Landmark achievements for turbocharger

12 Apr 2011
ABB Turbocharging’s A190-L turbocharger for 2-stroke low speed engines

ABB Turbocharging’s A190-L turbocharger for two-stroke low speed engines

ABB Turbocharging has reported two milestones with its A100 turbocharger family, concerning the high pressure ratio efficiency and the ability to operate at dual ratings without modification.

The company reports that in final testing of the A190-L turbocharger for low speed two-stroke diesels, technicians measured its peak efficiency at 75.8%. “The 75.8% figure is all the more impressive because it was measured on a turbocharger featuring a higher pressure ratio than the model that achieved the previous record figure,” says Urs Gribi, vice president of engineering.  

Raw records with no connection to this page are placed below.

Lemma dominates_v0 (S : {set V}) :
  dominates adj S v0 = (v0 \in S) || [exists i, vi i \in S].
Proof.
rewrite /dominates; congr (_ || _); apply/existsP/existsP => [[u]|[i viS]].
- by rewrite adj_v0 => /andP[uS /existsP[i /eqP Eu]]; exists i; rewrite -Eu.
- by exists (vi i); rewrite viS adj_v0; apply/existsP; exists i.
Qed.

Definition tails (Y : {set P}) : {set V} := yv @: Y :|: zv @: ~: Y.
Definition y_paths (S : {set V}) : {set P} := [set p | yv p \in S].
Definition y_forced (S : {set V}) : {set P} :=
  [set p | (vi p.1 \notin S) && (xv p \notin S)].
Definition trunk : {set V} :=
  [set u | if u is inr (_, l) then l == ord0 else true].

Lemma tails_trunkF (Y : {set P}) u : u \in trunk -> (u \in tails Y) = false.
Proof.
by move=> ut; apply/setUP => -[]/imsetP[p _ Eu]; move: ut; rewrite Eu inE.
Qed.

Lemma disjoint_trunk_tails (C : {set V}) (Y : {set P}) :
  C \subset trunk -> [disjoint C & tails Y].
Proof.
move=> sCt; rewrite disjoint_subset; apply/subsetP => u /(subsetP sCt) ut.
by rewrite inE tails_trunkF.
Qed.

Lemma mem_tails_yv (Y : {set P}) p : (yv p \in tails Y) = (p \in Y).
Proof.
rewrite in_setU (mem_imset _ _ yv_inj).
by case: imsetP => [[q _ [_]]|]; rewrite ?orbF.
Qed.

Lemma mem_tails_zv (Y : {set P}) p : (zv p \in tails Y) = (p \notin Y).
Proof.
rewrite in_setU (mem_imset _ _ zv_inj) inE.
by case: imsetP => [[q _ [_]]|].
Qed.

Lemma card_tails (Y : {set P}) : #|tails Y| = 3 * k.
Proof.
have disj : [disjoint yv @: Y & zv @: ~: Y].
  rewrite disjoint_subset; apply/subsetP => _ /imsetP[p _ ->].
  by rewrite inE; apply/imsetP => -[q _ [_]].
move: disj; rewrite -(leq_card_setU _ _).2 => /eqP->.
rewrite !card_imset ?cardsC ?card_prod ?card_ord //.
  exact: zv_inj.
exact: yv_inj.
Qed.

Lemma card_setU_tails (C : {set V}) (Y : {set P}) :
  C \subset trunk -> #|C :|: tails Y| = #|C| + 3 * k.
Proof.
move=> sCt; apply/eqP.
by rewrite -(card_tails Y) (leq_card_setU _ _).2 disjoint_trunk_tails.
Qed.

Lemma y_paths_setU_tails (C : {set V}) (Y : {set P}) :
  C \subset trunk -> y_paths (C :|: tails Y) = Y.
Proof.
move=> sCt; apply/setP => p; rewrite inE in_setU mem_tails_yv.
by rewrite (contraNF (subsetP sCt (yv p))) // inE.
Qed.

Lemma setU_tails_inj (C1 C2 : {set V}) (Y1 Y2 : {set P}) :
    C1 \subset trunk -> C2 \subset trunk ->
  C1 :|: tails Y1 = C2 :|: tails Y2 -> C1 = C2 /\ Y1 = Y2.
Proof.
move=> sC1t sC2t E.
have EY : Y1 = Y2.
  by rewrite -(y_paths_setU_tails Y1 sC1t) E y_paths_setU_tails.
have setU_tailsK (C : {set V}) (Y : {set P}) :
    C \subset trunk -> (C :|: tails Y) :\: tails Y = C.
  by move=> sCt; rewrite setDUl setDv setU0; apply/setDidPl/disjoint_trunk_tails.
by rewrite -(setU_tailsK C1 Y1) // E EY setU_tailsK.
Qed.

Lemma y_forced_setU_tails (C : {set V}) (Y : {set P}) :
  y_forced (C :|: tails Y) = y_forced C.
Proof.
apply/setP => p; rewrite [LHS]inE [RHS]inE !(in_setU _ C).
by rewrite !tails_trunkF ?inE // !orbF.
Qed.

Lemma tails_y_paths_sub (S : {set V}) :
  dominating adj S -> tails (y_paths S) \subset S.
Proof.
move/dominatingP => domS; apply/subsetP => _ /setUP[]/imsetP[p + ->].
  by rewrite inE.
rewrite !inE => yS.
by have := domS (zv p); rewrite dominates_zv (negbTE yS) orbF.
Qed.

Lemma y_forced_sub_y_paths (S : {set V}) :
  dominating adj S -> y_forced S \subset y_paths S.
Proof.
move/dominatingP => domS; apply/subsetP => p; rewrite !inE => /andP[vS xS].
by have := domS (xv p); rewrite dominates_xv (negbTE vS) (negbTE xS).
Qed.

Lemma dominating_setU_tails (C : {set V}) (Y : {set P}) :
    dominates adj C v0 -> (forall i, dominates adj C (vi i)) ->
    y_forced C \subset Y ->
  dominating adj (C :|: tails Y).
Proof.
move=> domv0 domvi /subsetP forcedY; have sCS := subsetUl C (tails Y).
apply/dominatingP => u; case: (vertexP u) => [|i|p|p|p].
- exact: dominatesS sCS domv0.
- exact: dominatesS sCS (domvi i).
- rewrite dominates_xv !(in_setU _ C) mem_tails_yv.
  have [/forcedY -> | ] := boolP (p \in y_forced C); first by rewrite !orbT.
  by rewrite inE negb_and !negbK => /orP[] ->; rewrite ?orbT.
- rewrite dominates_yv !(in_setU _ C) mem_tails_yv mem_tails_zv.
  by case: (p \in Y); rewrite ?orbT.
- rewrite dominates_zv !(in_setU _ C) mem_tails_yv mem_tails_zv.
  by case: (p \in Y); rewrite ?orbT.
Qed.

Definition branch (u : V) : option 'I_3 :=
  match u with inl (inr i) | inr (i, _, _) => Some i | _ => None end.

Lemma root_in_small_dominating (S : {set V}) :
  dominating adj S -> #|S| <= (3 * k).+2 -> v0 \in S.
Proof.
move=> domS cardS; apply: contraT => v0S.
have sTS := tails_y_paths_sub domS.
have branches :
    [set Some i | i : 'I_3] \subset branch @: (S :\: tails (y_paths S)).
  apply/subsetP => _ /imsetP[i _ ->].
  have := (dominatingP _ _ domS) (vi i).
  rewrite dominates_vi (negbTE v0S) /= => /orP[viS | /existsP[j xS]].
  - by apply/imsetP; exists (vi i); rewrite // in_setD viS tails_trunkF ?inE.
  - apply/imsetP; exists (xv (i, j)) => //.
    by rewrite in_setD xS tails_trunkF ?inE.
have := leq_trans (subset_leq_card branches) (leq_imset_card _ _).
rewrite card_imset ?cardsT ?card_ord; last exact: Some_inj.
rewrite cardsDS // card_tails; lia.
Qed.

Secondly, ABB Turbocharging’s application engineers have devised a new A100-L turbocharger configuration for low speed engines which facilitates rapid conversion from a higher power output matched to a ship’s normal cruising speed to a lower rating matched to a slower fuel saving speed – i.e. ‘slow steaming’. The concept is devised to meet the ‘dual rating’ engine specifications of a series of 10 container ship newbuildings contracted by major Singapore-based container ship operator NOL. It takes advantage of the very wide compressor maps of the A100-turbocharger to achieve this aim by varying the number of turbochargers in the engines’ exhaust gas stream rather than by fitting new turbochargers, modifying the internal components of existing turbochargers or varying the turbine geometry to alter turbocharger air delivery characteristics.

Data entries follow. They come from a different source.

(* Assume the setting of the context and fix $\Delta=(h,\Delta x)$. If $\mathbf{U}=(U_{\cdot,1},U_{\cdot,2}),\mathbf{V}=(V_{\cdot,1},V_{\cdot,2})\in B(\mathcal{A}^{\Delta x})^2$ are respectively a bounded subsolution and a bounded supersolution of the scheme, i.e. $$\mathcal{F}^\Delta_j\big(x_i,(U_{i,j},U_{i,\bar\jmath}),U_{\cdot,j}\big)\le0\quad\text{and}\quad\mathcal{F}^\Delta_j\big(x_i,(V_{i,j},V_{i,\bar\jmath}),V_{\cdot,j}\big)\ge0\qquad\forall i\in\mathbb{N},\ j=1,2,$$ then $U_{i,j}\le V_{i,j}$ for all $i\in\mathbb{N}$ and $j=1,2$.
   Context: Constants: $\rho>0$, $r<\rho$, $0<y_1<y_2$, $\gamma>1$, $\underline{x}\le0$ with $\rho\underline{x}+y_j>0$, $\lambda_1,\lambda_2\ge0$; $\bar\jmath=3-j$; $u(c)=\frac{c^{1-\gamma}}{1-\gamma}$ for $c>0$, $u(0)=-\infty$. Discretization $\Delta=(h,\Delta x)$ with $h,\Delta x>0$, $\rho h<1$, $\lambda_jh<1$. Grid $x_i=\underline{x}+i\Delta x$, $i\in\mathbb{N}=\{0,1,\dots\}$, $\mathcal{A}^{\Delta x}=\{x_i\}$; $B(\mathcal{A}^{\Delta x})$ = bounded real sequences indexed by $\mathbb{N}$. $\beta_k(x)=\max\{0,1-|x-x_k|/\Delta x\}$ for $x\ge\underline{x}$. Admissible controls $\mathcal{C}^\Delta_j(x_i)=\{c\ge0:x_i+h(rx_i+y_j-c)\ge\underline{x}\}$, $s_{i,j}(c)=rx_i+y_j-c$. Scheme: $$\mathcal{F}^\Delta_j(x_i,(\mathsf{q}_j,\mathsf{q}_{\bar\jmath}),\mathsf{U})=\rho\mathsf{q}_j-(1-\rho h)\lambda_j(\mathsf{q}_{\bar\jmath}-\mathsf{q}_j)-\sup_{c\in\mathcal{C}^\Delta_j(x_i)}\Big\{u(c)+\frac{(1-\rho h)(1-\lambda_jh)}{h}\Big(\sum_k\beta_k(x_i+hs_{i,j}(c))\mathsf{U}_k-\mathsf{q}_j\Big)\Big\}.$$ *)

From HB Require Import structures.
From mathcomp Require Import all_boot all_order all_algebra.
From mathcomp Require Import all_classical all_reals all_analysis.
Set Implicit Arguments. Unset Strict Implicit. Unset Printing Implicit Defensive.
Import Order.TTheory GRing.Theory Num.Theory.
Import numFieldNormedType.Exports.
Local Open Scope classical_set_scope.
Local Open Scope ring_scope.

Section Scheme.
Context {R : realType}.

Definition gridx (xl dx : R) (i : nat) : R := xl + i%:R * dx.

Definition beta (xl dx : R) (k : nat) (x : R) : R :=
  Num.max 0 (1 - `|x - gridx xl dx k| / dx).

(* sum_k beta_k(z) U_k, as the limit of the partial sums (finitely many nonzero terms) *)
Definition interp (xl dx : R) (U : nat -> R) (z : R) : R :=
  limn (series (fun k => beta xl dx k z * U k) : R^nat).

Definition util (gamma c : R) : \bar R :=
  if c > 0 then ((c `^ (1 - gamma)) / (1 - gamma))%:E else -oo%E.

Definition admissible (xl h r y xi : R) : set R :=
  [set c | 0 <= c /\ xl <= xi + h * (r * xi + y - c)].

(* the scheme F^Delta_j(x_i, (qj, qjbar), U); y = y_j, lam = lambda_j *)
Definition schemeF (rho r gamma xl h dx y lam : R)
  (xi qj qjb : R) (U : nat -> R) : \bar R :=
  ((rho * qj - (1 - rho * h) * lam * (qjb - qj))%:E -
   ereal_sup [set (util gamma c +
       (((1 - rho * h) * (1 - lam * h) / h) *
          (interp xl dx U (xi + h * (r * xi + y - c)) - qj))%:E)%E
     | c in admissible xl h r y xi])%E.

Definition bounded_seq (U : nat -> R) : Prop := exists M : R, forall i, `|U i| <= M.

End Scheme.

From HB Require Import structures.
From mathcomp Require Import all_boot all_order all_algebra.
From mathcomp Require Import all_classical all_reals all_analysis.
From mathcomp Require Import ring lra.
Set Implicit Arguments. Unset Strict Implicit. Unset Printing Implicit Defensive.
Import Order.TTheory GRing.Theory Num.Theory.
Local Open Scope ring_scope.

(* The scheme is monotone, and because the hat weights sum to at most one,
   raising the data U, U_jbar by a constant M >= 0 raises the supremum over
   controls by at most b M, where a and b are the coefficients of U_jbar and
   of the interpolated value.  Comparing a subsolution with a supersolution at
   a point therefore gives (rho + a + b) (U - V) <= (a + b) M for every
   M >= 0 bounding U - V.  Hence M = sup (U - V) satisfies M <= theta M with
   theta < 1 (as rho > 0), and M <= 0. *)

Section HatFunctions.
Variables (R : realType) (dx : R).
Hypothesis dx_gt0 : 0 < dx.

Definition ramp (t : R) : R := Num.min dx (Num.max 0 t).

Lemma ramp_ge0 t : 0 <= ramp t.
Proof. by rewrite /ramp le_min (ltW dx_gt0) le_max lexx. Qed.

Lemma ramp_le t : ramp t <= dx.
Proof. by rewrite /ramp ge_min lexx. Qed.

Lemma tent_ramp w : Num.max 0 (dx - `|w|) = ramp (w + dx) - ramp w.
Proof.
rewrite /ramp.
have [w_ge0|w_lt0] := leP 0 w; [rewrite ger0_norm | rewrite ltr0_norm] => //;
  rewrite !maxEle; repeat case: leP => ?; rewrite ?minEle; repeat case: leP => ?; lra.
Qed.

Lemma beta_ge0 xl k z : 0 <= beta xl dx k z.
Proof. by rewrite /beta le_max lexx. Qed.

Lemma gridxS xl k : gridx xl dx k.+1 = gridx xl dx k + dx.
Proof. by rewrite /gridx -addn1 natrD mulrDl mul1r addrA. Qed.

(* dx * beta_k is a difference of consecutive ramps, so the weights telescope. *)
Lemma dx_mul_beta xl k z :
  dx * beta xl dx k z =
  ramp (z - gridx xl dx k + dx) - ramp (z - gridx xl dx k.+1 + dx).
Proof.
have -> : z - gridx xl dx k.+1 + dx = z - gridx xl dx k by rewrite gridxS; ring.
rewrite -tent_ramp /beta.
have -> : dx - `|z - gridx xl dx k| = dx * (1 - `|z - gridx xl dx k| / dx).
  by field; exact: lt0r_neq0.
by rewrite maxr_pMr ?mulr0 // ltW.
Qed.

Lemma sum_beta_le1 xl z N : \sum_(0 <= k < N) beta xl dx k z <= 1.
Proof.
rewrite -(ler_pM2l dx_gt0) mulr1 mulr_sumr.
rewrite (telescope_sumr_eq (fun k => - ramp (z - gridx xl dx k + dx))) //;
  last by move=> k _; rewrite dx_mul_beta opprK addrC.
have := ramp_ge0 (z - gridx xl dx N + dx); have := ramp_le (z - gridx xl dx 0 + dx).
lra.
Qed.

Lemma beta_eq0 xl k z : dx <= `|z - gridx xl dx k| -> beta xl dx k z = 0.
Proof.
by move=> far; apply/max_idPl; rewrite subr_le0 ler_pdivlMr // mul1r.
Qed.

Lemma beta_eventually_eq0 xl z :
  exists N, forall k, (N <= k)%N -> beta xl dx k z = 0.
Proof.
exists (Num.Def.archi_bound (`|z - xl| / dx + 1)) => k le_Nk.
have : `|z - xl| / dx + 1 < k%:R.
  apply: lt_le_trans (archi_boundP _) _; last by rewrite ler_nat.
  by rewrite addr_ge0 ?divr_ge0 // ltW.
rewrite -(ltr_pM2r dx_gt0) mulrDl divfK ?mul1r ?lt0r_neq0 // => far.
apply: beta_eq0; rewrite distrC.
have := ler_norm (z - xl); have := ler_norm (gridx xl dx k - z); rewrite /gridx.
lra.
Qed.

Lemma interp_sum xl (U : nat -> R) z N :
  (forall k, (N <= k)%N -> beta xl dx k z = 0) ->
  interp xl dx U z = \sum_(0 <= k < N) beta xl dx k z * U k.
Proof.
move=> beta_tail; rewrite /interp; apply: norm_lim_near_cst.
near=> n.
have le_Nn : (N <= n)%N by near: n; exists N.
rewrite /series /= (big_cat_nat (n := N)) //= [X in _ + X]big1_seq ?addr0 //.
by move=> k /andP[_]; rewrite mem_index_iota => /andP[le_Nk _]; rewrite beta_tail ?mul0r.
Unshelve. all: end_near.
Qed.

Lemma interp_le_shift xl (U V : nat -> R) (M z : R) :
  0 <= M -> (forall k, U k <= V k + M) -> interp xl dx U z <= interp xl dx V z + M.
Proof.
move=> M_ge0 le_UV; have [N beta_tail] := beta_eventually_eq0 xl z.
rewrite !(interp_sum _ beta_tail).
apply: (@le_trans _ _ (\sum_(0 <= k < N) beta xl dx k z * (V k + M))).
  by apply: ler_sum => k _; rewrite ler_wpM2l ?beta_ge0.
under eq_bigr do rewrite mulrDr.
rewrite big_split /= -mulr_suml lerD2l.
by rewrite ler_piMl ?sum_beta_le1.
Qed.

End HatFunctions.

Section SchemeComparison.
Variables (R : realType) (rho r gamma xl h dx y lam : R).
Hypotheses (h_gt0 : 0 < h) (dx_gt0 : 0 < dx) (rhoh_lt1 : rho * h < 1).
Hypotheses (lam_ge0 : 0 <= lam) (lamh_lt1 : lam * h < 1).

Let a := (1 - rho * h) * lam.
Let b := (1 - rho * h) * (1 - lam * h) / h.

Let a_ge0 : 0 <= a. Proof. by rewrite mulr_ge0 // subr_ge0 ltW. Qed.
Let b_ge0 : 0 <= b.
Proof. by rewrite divr_ge0 ?(ltW h_gt0) // mulr_ge0 // subr_ge0 ltW. Qed.

Definition control_sup (xi q : R) (Q : nat -> R) : \bar R :=
  ereal_sup [set (util gamma c +
      (b * (interp xl dx Q (xi + h * (r * xi + y - c)) - q))%:E)%E
    | c in admissible xl h r y xi].

Lemma schemeFE (xi q qb : R) (Q : nat -> R) :
  schemeF rho r gamma xl h dx y lam xi q qb Q =
  ((rho * q - a * (qb - q))%:E - control_sup xi q Q)%E.
Proof. by []. Qed.

Lemma control_sup_le_shift (xi qU qV : R) (QU QV : nat -> R) (M : R) :
  0 <= M -> (forall k, QU k <= QV k + M) ->
  (control_sup xi qU QU <= control_sup xi qV QV + (b * (M - (qU - qV)))%:E)%E.
Proof.
move=> M_ge0 le_Q; apply: ge_ereal_sup => _ [c adm_c <-].
set zc := xi + h * (r * xi + y - c).
apply: (@le_trans _ _
  (util gamma c + (b * (interp xl dx QV zc - qV))%:E + (b * (M - (qU - qV)))%:E)%E).
  rewrite -addeA -EFinD leeD2l // lee_fin -mulrDr ler_wpM2l //.
  have := interp_le_shift dx_gt0 xl zc M_ge0 le_Q; lra.
by rewrite leeD2r // ereal_sup_ubound //; exists c.
Qed.

Lemma scheme_sub_super_weighted (xi qU qUb qV qVb : R) (QU QV : nat -> R) (M : R) :
  0 <= M -> (forall k, QU k <= QV k + M) -> qUb <= qVb + M ->
  (schemeF rho r gamma xl h dx y lam xi qU qUb QU <= 0)%E ->
  (0 <= schemeF rho r gamma xl h dx y lam xi qV qVb QV)%E ->
  (rho + a + b) * (qU - qV) <= (a + b) * M.
Proof.
move=> M_ge0 le_Q le_qb; rewrite !schemeFE sube_le0 sube_ge0 ?orbT // => sub super.
have := control_sup_le_shift xi qU qV M_ge0 le_Q.
move=> /le_trans /(_ (leeD2r _ super)) /(le_trans sub).
rewrite -EFinD lee_fin => le_q.
have := ler_wpM2l a_ge0 le_qb.
rewrite !mulrDr !mulrDl !mulrN in le_q *; lra.
Qed.

Definition comparison_rate : R := (a + b) / (rho + a + b).

Hypothesis rho_gt0 : 0 < rho.

Let weight_gt0 : 0 < rho + a + b.
Proof. by rewrite -addrA ltr_wpDr // addr_ge0. Qed.

Lemma comparison_rate_lt1 : comparison_rate < 1.
Proof. by rewrite ltr_pdivrMr // mul1r -addrA ltr_pwDl. Qed.

Lemma scheme_sub_super_le (xi qU qUb qV qVb : R) (QU QV : nat -> R) (M : R) :
  0 <= M -> (forall k, QU k <= QV k + M) -> qUb <= qVb + M ->
  (schemeF rho r gamma xl h dx y lam xi qU qUb QU <= 0)%E ->
  (0 <= schemeF rho r gamma xl h dx y lam xi qV qVb QV)%E ->
  qU - qV <= comparison_rate * M.
Proof.
move=> M_ge0 le_Q le_qb sub super.
rewrite /comparison_rate mulrAC ler_pdivlMr // mulrC.
exact: scheme_sub_super_weighted sub super.
Qed.

End SchemeComparison.

Lemma le0_of_contraction (R : realType) (T : Type) (d : T -> R) (theta : R) :
  theta < 1 -> (exists B : R, forall t, d t <= B) ->
  (forall M : R, 0 < M -> (forall t, d t <= M) -> forall t, d t <= theta * M) ->
  forall t, d t <= 0.
Proof.
move=> theta_lt1 [B le_dB] contract t0.
have d_sup : has_sup (range d).
  by split; [exists (d t0), t0 | exists B => _ [t _ <-]; exact: le_dB].
set M := sup (range d).
have le_dM t : d t <= M by apply: sup_upper_bound => //; exists t.
have [M_le0|M_gt0] := leP M 0; first exact: le_trans (le_dM t0) M_le0.
have : M <= theta * M.
  by apply: ge_sup; [exists (d t0), t0 | move=> _ [t _ <-]; exact: contract].
have : 0 < (1 - theta) * M by rewrite mulr_gt0 // subr_gt0.
lra.
Qed.

Lemma bounded_seq_sub_ub (R : realType) (U V : nat -> R) :
  bounded_seq U -> bounded_seq V -> exists B, forall i, U i - V i <= B.
Proof.
move=> [A le_UA] [B le_VB]; exists (A + B) => i.
apply: le_trans (ler_norm _) _; apply: le_trans (ler_normB _ _) _; exact: lerD.
Qed.

Theorem mainTheorem11 (R : realType)
  (rho r y1 y2 gamma xl lam1 lam2 h dx : R)
  (Hrho : 0 < rho) (Hr : r < rho) (Hy1 : 0 < y1) (Hy12 : y1 < y2)
  (Hgamma : 1 < gamma) (Hxl : xl <= 0)
  (Hxy1 : 0 < rho * xl + y1) (Hxy2 : 0 < rho * xl + y2)
  (Hlam1 : 0 <= lam1) (Hlam2 : 0 <= lam2)
  (Hh : 0 < h) (Hdx : 0 < dx) (Hrhoh : rho * h < 1)
  (Hlam1h : lam1 * h < 1) (Hlam2h : lam2 * h < 1)
  (U1 U2 V1 V2 : nat -> R)
  (HU1b : bounded_seq U1) (HU2b : bounded_seq U2)
  (HV1b : bounded_seq V1) (HV2b : bounded_seq V2)
  (HU1 : forall i : nat,
     (schemeF rho r gamma xl h dx y1 lam1 (gridx xl dx i) (U1 i) (U2 i) U1 <= 0)%E)
  (HU2 : forall i : nat,
     (schemeF rho r gamma xl h dx y2 lam2 (gridx xl dx i) (U2 i) (U1 i) U2 <= 0)%E)
  (HV1 : forall i : nat,
     (0 <= schemeF rho r gamma xl h dx y1 lam1 (gridx xl dx i) (V1 i) (V2 i) V1)%E)
  (HV2 : forall i : nat,
     (0 <= schemeF rho r gamma xl h dx y2 lam2 (gridx xl dx i) (V2 i) (V1 i) V2)%E) :
  forall i : nat, U1 i <= V1 i /\ U2 i <= V2 i.
Proof.
pose d (t : nat * bool) := if t.2 then U1 t.1 - V1 t.1 else U2 t.1 - V2 t.1.
pose theta := Num.max (comparison_rate rho h lam1) (comparison_rate rho h lam2).
suff d_le0 : forall t, d t <= 0.
  by move=> i; split; rewrite -subr_le0; [apply: (d_le0 (i, true)) | apply: (d_le0 (i, false))].
apply: (@le0_of_contraction _ _ d theta).
- by rewrite gt_max !comparison_rate_lt1.
- have [B1 le_B1] := bounded_seq_sub_ub HU1b HV1b.
  have [B2 le_B2] := bounded_seq_sub_ub HU2b HV2b.
  by exists (Num.max B1 B2) => -[i []]; rewrite le_max ?le_B1 ?le_B2 ?orbT.
move=> M M_gt0 le_dM t.
have le_U1 k : U1 k <= V1 k + M by have := le_dM (k, true); rewrite /d /=; lra.
have le_U2 k : U2 k <= V2 k + M by have := le_dM (k, false); rewrite /d /=; lra.
have M_ge0 := ltW M_gt0.
have le_rate1 : comparison_rate rho h lam1 * M <= theta * M.
  by rewrite ler_wpM2r // le_max lexx.
have le_rate2 : comparison_rate rho h lam2 * M <= theta * M.
  by rewrite ler_wpM2r // le_max lexx orbT.
case: t => i []; rewrite /d /=.
- apply: le_trans le_rate1.
  exact: (scheme_sub_super_le Hh Hdx Hrhoh Hlam1 Hlam1h Hrho
           M_ge0 le_U1 (le_U2 i) (HU1 i) (HV1 i)).
- apply: le_trans le_rate2.
  exact: (scheme_sub_super_le Hh Hdx Hrhoh Hlam2 Hlam2h Hrho
           M_ge0 le_U2 (le_U1 i) (HU2 i) (HV2 i)).
Qed.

In detail, the ABB system adopted for the new container ships is designed to allow the 12-cylinder 98 cm bore engine to achieve ratings of  just over 72 MW at 104 rpm or just over 54 MW x 97 rpm. The solution comprises four A190-L turbochargers, one of which can be cut-off from the exhaust gas stream. This is achieved either via a motorised valve or a simple blanking plate. In spite of the reduced level of energy in the engine exhaust gases due to the lower engine power rating, the A190-L’s compressor maps are said to be sufficiently wide to allow the three turbochargers still in the exhaust gas flow to efficiently produce charge air at the pressures and volumes needed for the lower engine slow steaming rating.

“Substantially modifying the compressor map of a turbocharger can involve the exchange of many of its internal components,” notes ABB’s head of global turbocharger sales for the low speed engine segment, Arie Smits. “In the extreme case this can mean the turbine and compressor wheels as well as the nozzle ring and diffusers. In any event, the turbocharger has to be opened, dismantled and reassembled. But with the A100-L’s excellent compressor maps it was possible to achieve dual ratings with optimized fuel consumption by, essentially, only reducing the number of the turbochargers providing combustion air to the engines.”

According to ABB, In the early days of the recent economic downturn ships reduced speeds to save fuel by simply readjusting engine settings. This did, indeed, reduce consumption but the engines’ systems, including their air management, were no longer optimised to the new output levels. There was thus the potential to save even more fuel by, among other measures, closely adapting the turbocharging system to the engine’s new operating profile. Demand has hence grown for ‘dual rated’ engines, having systems which can be optimised to give a higher power rating for standard cruising speeds and a reduced output for slow steaming in a minimum of time and at minimum expense.  

The company explains compressor mapping as an important measure of turbocharger performance, which, together with efficiency and pressure ratio, incorporates the aforementioned values to, essentially, reflect how effectively and flexibly energy in the engine exhaust gases driving the turbine can be converted into compressed air on the compressor side.

The A100 turbochargers are claimed to combine very wide compressor maps while offering high pressure ratios of 4.7 and above in the A100-L versions for low speed two stroke engines and 5.8 in the A100-M and A100-H versions for medium and high speed engines.

Since its market launch, several hundred A100 turbochargers have been sold and, according to ABB, have proved successful in minimising fuel consumption on diesel engines designed to comply with IMO Tier II limits on NOx emissions. This second stage of marine emissions legislation has been in effect since January 2011 and specifies a 20% reduction in NOx emissions from marine engines vis-à-vis IMO Tier I.